BACKGROUND OF THE INVENTION

1. Field of the Invention
The present invention relaters to a gene gun, and more particularly to a percussion mechanism for a gene gun.
2. Description of the Related Art
A gene gun is used in biolistic transformation (i.e. transgenic planting, DNA vaccines and gene therapy). DNA- or vaccine-coated metal (i.e. gold and tungsten) particles are loaded into the gene gun and are injected into any target cell or tissue with a gene gun operating on a pressurized gas (i.e. helium and nitrogen). DNA or vaccines are coated on metal particles and injected into cells so that the cells do not have to be removed from tissue to achieve the desired effect.
However, conventional gene guns do not have enough sustained force. When the gene gun is activated, a pressurized gas pulse propels the DNA- or vaccine-coated particles for a very short time. Consequently, the DNA or vaccine tends to stay in cutis and fails to achieve the desired effect.

SUMMARY OF THE INVENTION

The primary objective of the present invention is to provide a percussion mechanism for a gene gun to prolong the time that pressurized gas in the gene gun propels DNA- or vaccine-coated metal particles and effectively deliver the DNA- or vaccine-coated metal particles to any target cell or tissue.
The percussion mechanism in accordance with the present invention for a gene gun having a barrel is attached to the barrel and has a gun body, a percussion assembly and a trigger assembly.
A percussion mechanism for a gene gun has a gun body, a percussion assembly and a trigger assembly. The gun body has a trigger chamber, a tubular channel having a valve seat. The percussion assembly is mounted in the tubular channel and has a drive shaft selectively closing the valve seat, an adjusting plug, a spring and a drive lever abutting the drive shaft and extending into the trigger chamber.
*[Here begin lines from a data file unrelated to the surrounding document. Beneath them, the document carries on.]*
(* Let $\mathcal{A}\subseteq\mathbb{R}^3$, $K\ge2$, $P_1,\ldots,P_K>0$, $\sigma^2>0$, $h_1,\ldots,h_K\in L^2(\mathcal{A})$ with positive definite Gram matrix $\mathbf{R}$, $r_{k_1,k_2}=\int_{\mathcal{A}}h_{k_1}^{*}h_{k_2}\,\mathrm{d}\mathbf{r}$, $a_k=r_{k,k}$. Fix $k$ and let $\mathbf{h}_{\setminus k}(\mathbf{r})=[h_{k'}(\mathbf{r})]_{k'\neq k}$, $\mathbf{R}_k$ be $\mathbf{R}$ without row/column $k$, $\mathbf{r}_{k,k}=[r_{k',k}]_{k'\neq k}$, $\mathbf{P}_k=\mathrm{diag}(P_{k'}/\sigma^2)_{k'\neq k}$, and $w_{\mathsf{MMSE},k}(\mathbf{r})=h_k(\mathbf{r})-\mathbf{h}_{\setminus k}(\mathbf{r})(\mathbf{P}_k^{-1}+\mathbf{R}_k)^{-1}\mathbf{r}_{k,k}$. Consider the received field $y(\mathbf{r})=\sum_{j=1}^K\sqrt{P_j}h_j(\mathbf{r})s_j+n(\mathbf{r})$ with $s_j\sim\mathcal{CN}(0,1)$ mutually uncorrelated, and $n$ a zero-mean complex Gaussian process uncorrelated with the symbols with $\mathbb{E}\{n(\mathbf{r}_1)n^*(\mathbf{r}_2)\}=\sigma^2\delta(\mathbf{r}_1-\mathbf{r}_2)$; let $\hat y_k=\int_{\mathcal{A}}w_{\mathsf{MMSE},k}^*y\,\mathrm{d}\mathbf{r}$. Then the minimizer $\beta_k^\star$ of $\mathbb{E}\{|\beta\hat{y}_k-s_k|^2\}$ over $\beta\in\mathbb{C}$ is $$\beta_k^{\star}=\beta_{\mathsf{MMSE},k}=\frac{\sqrt{P_k}}{P_k\big(a_k-\mathbf{r}_{k,k}^{\mathsf{H}}(\mathbf{P}_k^{-1}+\mathbf{R}_k)^{-1}\mathbf{r}_{k,k}\big)+\sigma^2},$$ and the resulting effective beamformer is $$w^{\star}_{\mathsf{MMSE},k}(\mathbf{r})=\beta_{\mathsf{MMSE},k}w_{\mathsf{MMSE},k}(\mathbf{r})=\frac{\sqrt{P_k}\big(h_k(\mathbf{r})-\mathbf{h}_{\setminus k}(\mathbf{r})(\mathbf{P}_k^{-1}+\mathbf{R}_k)^{-1}\mathbf{r}_{k,k}\big)}{P_k\big(a_k-\mathbf{r}_{k,k}^{\mathsf{H}}(\mathbf{P}_k^{-1}+\mathbf{R}_k)^{-1}\mathbf{r}_{k,k}\big)+\sigma^2}.$$
   Context: Standing assumption: channel responses pairwise non-parallel and $\mathbf{R}$ positive definite. *)

From mathcomp Require Import all_boot all_order all_algebra.
From mathcomp Require Import all_classical all_reals all_analysis.
From mathcomp.real_closed Require Import complex.
Set Implicit Arguments. Unset Strict Implicit. Unset Printing Implicit Defensive.
Import Order.TTheory GRing.Theory Num.Theory.
Import numFieldNormedType.Exports.
Local Open Scope ring_scope.
Local Open Scope classical_set_scope.

Definition R3 (R : realType) := ((R * R) * R)%type.
Definition leb3 (R : realType) :=
  (((@lebesgue_measure R) \x (@lebesgue_measure R)) \x (@lebesgue_measure R))%E.

Definition sqmod (R : realType) (z : R[i]) : R :=
  complex.Re z ^+ 2 + complex.Im z ^+ 2.

Definition cint (R : realType) (A : set (R3 R)) (f : R3 R -> R[i]) : R[i] :=
  Complex (Rintegral (@leb3 R) A (fun x => complex.Re (f x)))
          (Rintegral (@leb3 R) A (fun x => complex.Im (f x))).

Definition L2 (R : realType) (A : set (R3 R)) (f : R3 R -> R[i]) : Prop :=
  [/\ measurable_fun A (fun x => complex.Re (f x)),
      measurable_fun A (fun x => complex.Im (f x)) &
      (@leb3 R).-integrable A (fun x => (sqmod (f x))%:E)].

Definition cL2 d (T : measurableType d) (R : realType) (P : probability T R)
  (X : T -> R[i]) : Prop :=
  [/\ measurable_fun setT (fun t => complex.Re (X t)),
      measurable_fun setT (fun t => complex.Im (X t)) &
      P.-integrable setT (fun t => (sqmod (X t))%:E)].

Definition cexpect d (T : measurableType d) (R : realType) (P : probability T R)
  (X : T -> R[i]) : R[i] :=
  Complex (fine ('E_P[fun t => complex.Re (X t)]))
          (fine ('E_P[fun t => complex.Im (X t)])).

(* the index k' <> k associated with j : 'I_(K-1) (enumeration of k' <> k) *)
Lemma skip_proof (K : nat) (k : 'I_K) (j : 'I_K.-1) : (bump k j < K)%N.
Proof.
case: K k j => [[]//|K] k j /=.
rewrite /bump; have := ltn_ord j; have := ltn_ord k.
case: (k <= j)%N => /=; rewrite ?add1n ?add0n => _ hj //.
exact: (ltn_trans hj).
Qed.
Definition skip (K : nat) (k : 'I_K) (j : 'I_K.-1) : 'I_K :=
  Ordinal (skip_proof k j).

Definition ctr (R : realType) m n (M : 'M[R[i]]_(m, n)) : 'M[R[i]]_(n, m) :=
  (map_mx Num.conj M)^T.

Definition posdef (R : realType) n (M : 'M[R[i]]_n) : Prop :=
  ctr M = M /\ forall x : 'cV[R[i]]_n, x != 0 -> 0 < (ctr x *m M *m x) 0 0.

Definition gram (R : realType) (A : set (R3 R)) K (h : 'I_K -> R3 R -> R[i])
  : 'M[R[i]]_K :=
  \matrix_(i, j) cint A (fun r => Num.conj (h i r) * h j r).

From mathcomp Require Import all_boot all_order all_algebra.
From mathcomp Require Import all_classical all_reals all_analysis.
From mathcomp.real_closed Require Import complex.
From mathcomp Require Import measurable_realfun ring lra.
Import Order.TTheory GRing.Theory Num.Theory.
Import numFieldNormedType.Exports.
Local Open Scope ring_scope.
Local Open Scope classical_set_scope.
Set Implicit Arguments. Unset Strict Implicit. Unset Printing Implicit Defensive.

(* The combiner output is [Y = sum_j b_j s_j + N w] with orthonormal symbols
   and noise uncorrelated with them, so [E|beta Y - s_k|^2] is a quadratic in
   [beta], minimised at [E(s_k Y^* ) / E|Y|^2 = b_k^* / E|Y|^2].  Write
   [w = sum_i x_i h_i] with [x_k = 1] and the other coordinates equal to [-v],
   [v = (P_k^-1 + R_k)^-1 r_{k,k}].  Then [R x] has [k]-th entry
   [delta = a_k - r_{k,k}^H v] and its other entries are those of [P_k^-1 v].
   Since [b_j = sqrt P_j (R x)_j^*] and the noise power is
   [sigma^2 x^H R x = sigma^2 (delta - v^H P_k^-1 v)], the [v]-terms cancel in
   [E|Y|^2 = delta (P_k delta + sigma^2)], while [b_k^* = sqrt P_k delta].
   Positive definiteness of [R] gives [delta = x^H R x + v^H P_k^-1 v > 0]. *)

Section ComplexParts.
Variable R : realType.
Implicit Types x y : R[i].

Lemma complex_ext x y :
  complex.Re x = complex.Re y -> complex.Im x = complex.Im y -> x = y.
Proof. by case: x => a b; case: y => c e /= -> ->. Qed.

Lemma Re_add x y : complex.Re (x + y) = complex.Re x + complex.Re y.
Proof. by case: x; case: y. Qed.

Lemma Im_add x y : complex.Im (x + y) = complex.Im x + complex.Im y.
Proof. by case: x; case: y. Qed.

Lemma Re_mul x y :
  complex.Re (x * y) = complex.Re x * complex.Re y - complex.Im x * complex.Im y.
Proof. by case: x => a b; case: y. Qed.

Lemma Im_mul x y :
  complex.Im (x * y) = complex.Re x * complex.Im y + complex.Im x * complex.Re y.
Proof. by case: x => a b; case: y. Qed.

Lemma Re_conj x : complex.Re x^* = complex.Re x.
Proof. by case: x. Qed.

Lemma Im_conj x : complex.Im x^* = - complex.Im x.
Proof. by case: x. Qed.

Lemma conj_real_complex (r : R) : (real_complex R r)^* = real_complex R r.
Proof. by apply: complex_ext; rewrite ?Re_conj ?Im_conj /= ?oppr0. Qed.

Lemma sqmodE x : real_complex R (sqmod x) = x * x^*.
Proof. by rewrite /sqmod add_Re2_Im2 normCK. Qed.

Lemma sqmod_ge0 x : 0 <= sqmod x.
Proof. by rewrite /sqmod addr_ge0 ?sqr_ge0. Qed.

Lemma sqmod_eq0 x : (sqmod x == 0) = (x == 0).
Proof.
by rewrite -(inj_eq (@complexI _)) /sqmod add_Re2_Im2 expf_eq0 normr_eq0.
Qed.

Lemma sqmod0 : sqmod (0 : R[i]) = 0.
Proof. by apply/eqP; rewrite sqmod_eq0. Qed.

Lemma sqmodM x y : sqmod (x * y) = sqmod x * sqmod y.
Proof. by rewrite /sqmod Re_mul Im_mul; ring. Qed.

Lemma sqmodD_le x y : sqmod (x + y) <= 2 * sqmod x + 2 * sqmod y.
Proof.
rewrite /sqmod Re_add Im_add.
have := sqr_ge0 (complex.Re x - complex.Re y).
have := sqr_ge0 (complex.Im x - complex.Im y).
nra.
Qed.

Lemma norm_parts_mulJ_le x y :
  `|complex.Re (x * y^*)| <= sqmod x + sqmod y /\
  `|complex.Im (x * y^*)| <= sqmod x + sqmod y.
Proof.
rewrite Re_mul Im_mul Re_conj Im_conj /sqmod.
case: x y => [a b] [c e] /=.
have := sqr_ge0 (a - c); have := sqr_ge0 (a + c);
have := sqr_ge0 (b - e); have := sqr_ge0 (b + e);
have := sqr_ge0 (a - e); have := sqr_ge0 (a + e);
have := sqr_ge0 (b - c); have := sqr_ge0 (b + c) => *.
by split; rewrite ler_norml; apply/andP; split; nra.
Qed.

End ComplexParts.

Section ComplexIntegral.
Context d (T : measurableType d) (R : realType)
  (mu : {measure set T -> \bar R}) (D : set T) (mD : measurable D).
Implicit Types f g : T -> R[i].

(* For [leb3] on [A], resp. [P] on [setT], [cintegral] is [cint A], resp.
   [cexpect P], and [square_integrable] is [L2 A], resp. [cL2 P]. *)
Definition cintegral f : R[i] :=
  Complex (\int[mu]_(x in D) complex.Re (f x)) (\int[mu]_(x in D) complex.Im (f x)).

Definition square_integrable f :=
  [/\ measurable_fun D (fun x => complex.Re (f x)),
      measurable_fun D (fun x => complex.Im (f x)) &
      mu.-integrable D (fun x => (sqmod (f x))%:E)].

Definition cintegrable f :=
  mu.-integrable D (fun x => (complex.Re (f x))%:E) /\
  mu.-integrable D (fun x => (complex.Im (f x))%:E).

Lemma integrableZ_EFin (a : R) (u : T -> R) :
  mu.-integrable D (fun x => (u x)%:E) -> mu.-integrable D (fun x => (a * u x)%:E).
Proof. by move=> iu; have := integrableZl mD a iu; apply: eq_integrable. Qed.

Lemma integrable_lincomb (a b : R) (u v : T -> R) :
  mu.-integrable D (fun x => (u x)%:E) -> mu.-integrable D (fun x => (v x)%:E) ->
  mu.-integrable D (fun x => (a * u x + b * v x)%:E).
Proof.
move=> iu iv.
have := integrableD mD (integrableZ_EFin a iu) (integrableZ_EFin b iv).
by apply: eq_integrable => // x _ /=; rewrite EFinD.
Qed.

Lemma cintegralD f g : cintegrable f -> cintegrable g ->
  cintegral (fun x => f x + g x) = cintegral f + cintegral g.
Proof.
move=> [f1 f2] [g1 g2]; apply: complex_ext => /=; rewrite -RintegralD //;
  by apply: eq_Rintegral => x _; rewrite ?Re_add ?Im_add.
Qed.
The trigger assembly is mounted in the trigger chamber and has a trigger and a hammer. When the trigger is pulled, the hammer strikes and pivots the drive lever to pull the drive shaft away from the valve seat, and pressurized gas in the tubular channel discharges into a barrel of the gene gun. The adjusting plug is movable to adjust the spring resilience to control how long the drive shaft is separated from the valve seat.
drive lever Because the resilience of the spring of the percussion assembly is adjustable, the time that the distal end of the drive shaft is away from the valve seat can be adjusted so the pressurized gas in pressure chamber has a longer time to push the DNA- or vaccine-coated metal particles in the barrel. Thus, the DNA- or vaccine-coated metal particles can be pushed more powerfully to ensure penetration of the cutis and be delivered into any target cell or tissue to achieve the expected effect.
Other objectives, advantages and novel features of the invention will become more apparent from the following detailed description when taken in conjunction with the accompanying drawings.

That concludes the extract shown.